Feed Our Valley: School pantries feed students and families
As a startling number of students visit school pantries in Mercer County, Pennsylvania, schools in Northeast Ohio are seeing their own spikes in demand.
“Kids come into the buildings and just mention things to teachers and staff members about different food they don’t have at home, or they’re worried they won’t have food for dinner,” said Shaina Shardy, school and family community liaison at Warren City School District. “It’s very, very hard to see, but I know here, when the kids are here, we’re able to feed them and send them home with food.”
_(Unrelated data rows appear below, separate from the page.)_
Lemma C11bar_eq_1_sub_Pmin1 : (0 < Pmin W 1 \/ m = 2%N \/ n = 2%N) -> C11bar W = 1 - Pmin W 1.
Proof.
move=> cond; apply/eqP; rewrite eq_le; apply/andP; split.
  apply: C11bar_le => l l_W; have l_d : is_distr l by case: l_W.
  have P1_le : Pmin W 1 <= Prank l 1 by rewrite Pmin1E Prank1_ge.
  case: cond => [P1_gt0 | small]; last first.
    rewrite C11_minn_le2 //; first lra.
    by case: small => ->; rewrite ?geq_minl ?geq_minr.
  have [js g_js] := exists_argmax_colsum.
  have -> : 1 - Pmin W 1 = m%:R - colsum W js.
    by move: P1_gt0; rewrite Pmin1E -g_js lt_max ltxx orbF => /ltW/max_idPl ->; lra.
  rewrite C11E (colsum_Lambda js l_W) -mean_subr //.
  apply: ler_mean => // f _; rewrite -natrB ?cnt_le //.
  apply: le_trans (log2_natS_le _ _); apply: ler_log2; first by rewrite ltr0n rk_gt0.
  by rewrite ler_nat rk_le_subn.
have [l [l_W l_round]] := exists_round_decomp.
apply: le_trans (le_C11bar l_W); rewrite Pmin1E -(Prank1_round l_W l_round).
by apply: C11_ge_Prank1 => //; case: l_W.
Qed.

Lemma log2_gamma_le_C11bar : log2 (gammaW W)%:~R <= C11bar W.
Proof.
have [l [l_W l_round]] := exists_round_decomp; have l_d : is_distr l by case: l_W.
apply: le_trans (le_C11bar l_W); rewrite C11E -[X in X <= _](mean_cst _ l_d).
apply: ler_mean => // f /l_round.
move=> /(rk_ge_gamma (fun j => sumr_ge0 _ (fun i _ => W_chan.1 i j))) gamma_le.
have [gamma_gt0 | gamma_le0] := ltP 0 (gammaW W).
  apply: ler_log2; first by rewrite ltr0z.
  by rewrite pmulrn ler_int (le_trans _ gamma_le) // /gammaW card_classic_set.
(* [ln] vanishes on nonpositive reals *)
rewrite [X in X <= _]/log2 ln0 ?mul0r ?lerz0 //.
by apply: log2_ge0; rewrite ler1n; apply: rk_gt0 m_gt0.
Qed.

Lemma C11bar_le_Pmax : let o := minn m n in (1 < o)%N ->
  C11bar W <= log2 (o.-1)%:R + Pmax W o * log2 (o%:R / (o.-1)%:R).
Proof.
move=> o o_gt1; apply: C11bar_le => l l_W; have l_d : is_distr l by case: l_W.
apply: le_trans (C11_le_Prank_minn o_gt1 l_d) _; rewrite lerD2l ler_wpM2r //.
  apply: log2_ge0; rewrite ler_pdivlMr ?mul1r ?ler_nat ?leq_pred // ltr0n -ltnS prednK //.
  exact: ltnW.
have Prank_le1_W l' : Lambda W l' -> Prank l' o <= 1 by case=> l'_d _; apply: Prank_le1.
exact: (le_sup_image Prank_le1_W l_W).
Qed.

Lemma C11bar_colsum_le1 : (forall j, colsum W j <= 1) -> C11bar W = log2 m%:R.
Proof.
move=> colsum_le1; apply/eqP; rewrite eq_le.
rewrite C11bar_le => [|l [l_d _]]; last exact: C11_le_log2m.
have [l [l_W l_round]] := exists_round_decomp; apply: le_trans (le_C11bar l_W).
rewrite C11E -[X in X <= _](mean_cst _ l_W.1).
apply: ler_mean => [|f /l_round round_f]; first by case: l_W.
rewrite rk_eq_m // => j; have /andP[_ le_ceil] := round_f j.
have : Num.ceil (colsum W j) <= 1 by rewrite ceil_le_int.
by move: le_ceil; lia.
Qed.

Lemma C11bar_colsum_ge1 : (forall j, 1 <= colsum W j) -> C11bar W = log2 n%:R.
Proof.
move=> colsum_ge1; apply/eqP; rewrite eq_le.
rewrite C11bar_le => [|l [l_d _]]; last first.
  rewrite C11E -[X in _ <= X](mean_cst _ l_d); apply: ler_mean => // f _.
  by apply: ler_log2; rewrite ?ltr0n ?rk_gt0 // ler_nat rk_le_n.
have [l [l_W l_round]] := exists_round_decomp; apply: le_trans (le_C11bar l_W).
rewrite C11E -[X in X <= _](mean_cst _ l_W.1).
apply: ler_mean => [|f /l_round round_f]; first by case: l_W.
rewrite rk_eq_n // => j; have /andP[fl_le _] := round_f j.
have : 1 <= Num.floor (colsum W j) by rewrite floor_ge_int.
by move: fl_le; lia.
Qed.

End Channel.

Theorem theorem2 (R : realType) (m n : nat) (W : 'M[R]_(m, n)) :
  (2 <= m)%N -> (2 <= n)%N -> is_channel W ->
  let P1 := Pmin W 1 in
  let o := minn m n in
  [/\ P1 = Num.max (gmax W - m%:R + 1) 0,
      (0 < P1 \/ m = 2%N \/ n = 2%N) -> C11bar W = 1 - P1,
      ~ (0 < P1 \/ m = 2%N \/ n = 2%N) ->
        log2 (gammaW W)%:~R <= C11bar W /\
        C11bar W <= log2 (o.-1)%:R + Pmax W o * log2 (o%:R / (o.-1)%:R),
      (m <= n)%N -> (forall j, colsum W j <= 1) -> C11bar W = log2 m%:R
    & (n <= m)%N -> (forall j, 1 <= colsum W j) -> C11bar W = log2 n%:R].
Proof.
move=> m_ge2 n_ge2 W_chan P1 o.
have n_gt0 : (0 < n)%N by apply: ltnW.
split => [||_|_|_].
- exact: Pmin1E.
- exact: C11bar_eq_1_sub_Pmin1.
- split; first exact: log2_gamma_le_C11bar.
  by apply: C11bar_le_Pmax => //; rewrite leq_min m_ge2.
- exact: C11bar_colsum_le1.
- exact: C11bar_colsum_ge1.
Qed.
Many districts have a food pantry inside one, or several, of their school buildings. Second Harvest Food Bank of the Mahoning Valley says it currently operates at about three dozen school sites serving hundreds of students, and United Way of Youngstown and the Mahoning Valley has Care Closets in 29 schools. There is some overlap between the two groups.
Each pantry can have immense impact: across all Youngstown City School District buildings, care closets were visited more than 54,000 times in the 2024-2025 school year, according to Public Affairs Director Stacy Quinones. Shardy’s team at Willard PK-8 distributes 300 pantry bags to students each week, and Mindy DePietro, a counselor at Boardman Center Intermediate School, told 21 News her school's pantry gets about 500-600 visits per month.
One of the characteristics that sets these resources apart is their emphasis on kid-friendly foods. That includes snacks and microwaveable meals that students can safely make on their own after they get home from school.
More and more, though, DePietro said, students come to pantries in search of assistance for their entire families.
“Some of them have, like, a little list from a parent or a guardian of the kind of things that they're looking for. … They're taking way and way more things than they ever used to do,” DePietro said.
Chris Chrestay, a social worker at Youngstown Rayen Early College High School told 21 News YCSD doesn’t screen students for need before allowing them to access the care closet, and said it has become “normal” for them to drop by, lessening the stigma against seeking help.
Students at YREC can also volunteer at the care closet — taking inventory, stocking shelves, organizing the space and more.
"Not only does it service the kids and their families and provide necessary things for them, but it's also teaching them to give back, because they are earning community service hours,” Chrestay said. “It's teaching them how to run a business, because we set it up kind of like a store. It's teaching them to respect all of their peers.”
Districts’ efforts often go beyond delivering food. As temperatures drop, many provide children with warm coats, hats, gloves and scarves, plus other clothing items. Toiletries, toilet paper and paper towels can also be found in some pantries, including at Willard PK-8.
“Pretty much any child’s need is here, in this room,” Shardy said.
Since October 2025, WCSD has also been taking that room out into the community, with the launch of its mobile food pantry.
“It has helped a huge amount of people so far,” Shardy said, adding that it is “not just for students, but it’s also for our neighborhoods within the district.”